Bio: Guglielmo Militello (EHU/UPV)
On Tuesday, Feb 1st, 2022, at 11:30.
To participate, please contact: firstname.lastname@example.org
Several authors have made claims about the compatibility between the Free Energy Principle (FEP) and theories of autopoiesis and enaction. Many see these theories as natural partners or as making similar statements about the nature of biological and cognitive systems. We critically examine these claims and identify a series of misreadings and misinterpretations of key enactive concepts. In particular, we notice a tendency to disregard the operational definition of autopoiesis and the distinction between a system’s structure and its organization. Other misreadings concern the conflation of processes of self-distinction in operationally closed systems and Markov blankets.
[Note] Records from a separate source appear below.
Lemma diagonal_sequence (L : set nat) (Q : nat -> set nat -> nat -> Prop) :
  unbounded L ->
  (forall Lc, unbounded Lc -> Lc `<=` L -> exists a L1 c,
     [/\ Lc a, L1 `<=` Lc, (forall x, L1 x -> a < x), unbounded L1 & Q a L1 c]) ->
  exists a Ls c, [/\ {homo a : x y / x < y}, forall j, L (a j),
    forall j, Q (a j) (Ls j) (c j) & forall j j', j < j' -> Ls j (a j')].
Proof.
move=> uL step.
pose good Lc (t : nat * set nat * nat) := [/\ Lc t.1.1, t.1.2 `<=` Lc,
  (forall x, t.1.2 x -> t.1.1 < x), unbounded t.1.2 & Q t.1.1 t.1.2 t.2].
have [f fP] : {f : set nat -> nat * set nat * nat &
               forall Lc, unbounded Lc -> Lc `<=` L -> good Lc (f Lc)}.
  apply: (@choice _ _ (fun Lc t => unbounded Lc -> Lc `<=` L -> good Lc t)) => Lc.
  have [[uLc LcL]|nLc] := pselect (unbounded Lc /\ Lc `<=` L).
    by have [a [L1 [c ?]]] := step Lc uLc LcL; exists (a, L1, c).
  by exists (0, set0, 0) => uLc LcL; case: nLc.
pose Lc j := iter j (fun Lc => (f Lc).1.2) L.
have LcP j : unbounded (Lc j) /\ Lc j `<=` L.
  elim: j => [|j [uLj LjL]]; first by split.
  have [_ L1j _ uL1 _] := fP _ uLj LjL.
  by split => //; exact: subset_trans L1j LjL.
have {}fP j : good (Lc j) (f (Lc j)) := fP _ (LcP j).1 (LcP j).2.
have Lc_decr : {homo Lc : i j / i <= j >-> j `<=` i}.
  apply: (homo_leq (r := fun A B => B `<=` A)) => [A|A B C AB BC|j].
  - exact: subset_refl.
  - exact: subset_trans BC AB.
  - by case: (fP j).
exists (fun j => (f (Lc j)).1.1), (fun j => Lc j.+1), (fun j => (f (Lc j)).2); split.
- apply: (homo_ltn (r := fun x y => x < y) ltn_trans) => j.
  by case: (fP j) => _ _ + _ _; apply; case: (fP j.+1).
- by move=> j; case: (fP j) => aj _ _ _ _; exact: (LcP j).2.
- by move=> j; case: (fP j).
- by move=> j j' jj'; case: (fP j') => aj' _ _ _ _; exact: Lc_decr jj' _ aj'.
Qed.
Deeper theoretical tensions underlie some of these misinterpretations. FEP assumes systems that reach a non-equilibrium steady state and are enveloped by a Markov blanket. We argue that these assumptions contradict the historicity of sense-making that is explicit in the enactive approach. Enactive concepts such as adaptivity and agency are defined in terms of the modulation of parameters and constraints of the agent-environment coupling, which entail the possibility of changes in variable and parameter sets, constraints, and in the dynamical laws affecting the system. This allows enaction to address the path-dependent diversity of human bodies and minds. We argue that these ideas are incompatible with the time invariance of non-equilibrium steady states assumed by the FEP. In addition, the enactive perspective foregrounds the enabling and constitutive roles played by the world in sense-making, agency, development. We argue that this view of transactional and constitutive relations between organisms and environments is a challenge to the FEP. Once we move beyond superficial similarities, identify misreadings, and examine the theoretical commitments of the two approaches, we reach the conclusion that far from being easily integrated, the FEP, as it stands formulated today, is in tension with the theories of autopoiesis and enaction.
Full text: https://philosophymindscience.org/index.php/phimisci/article/view/9187
On Dec 21st, 2021, at 13:00.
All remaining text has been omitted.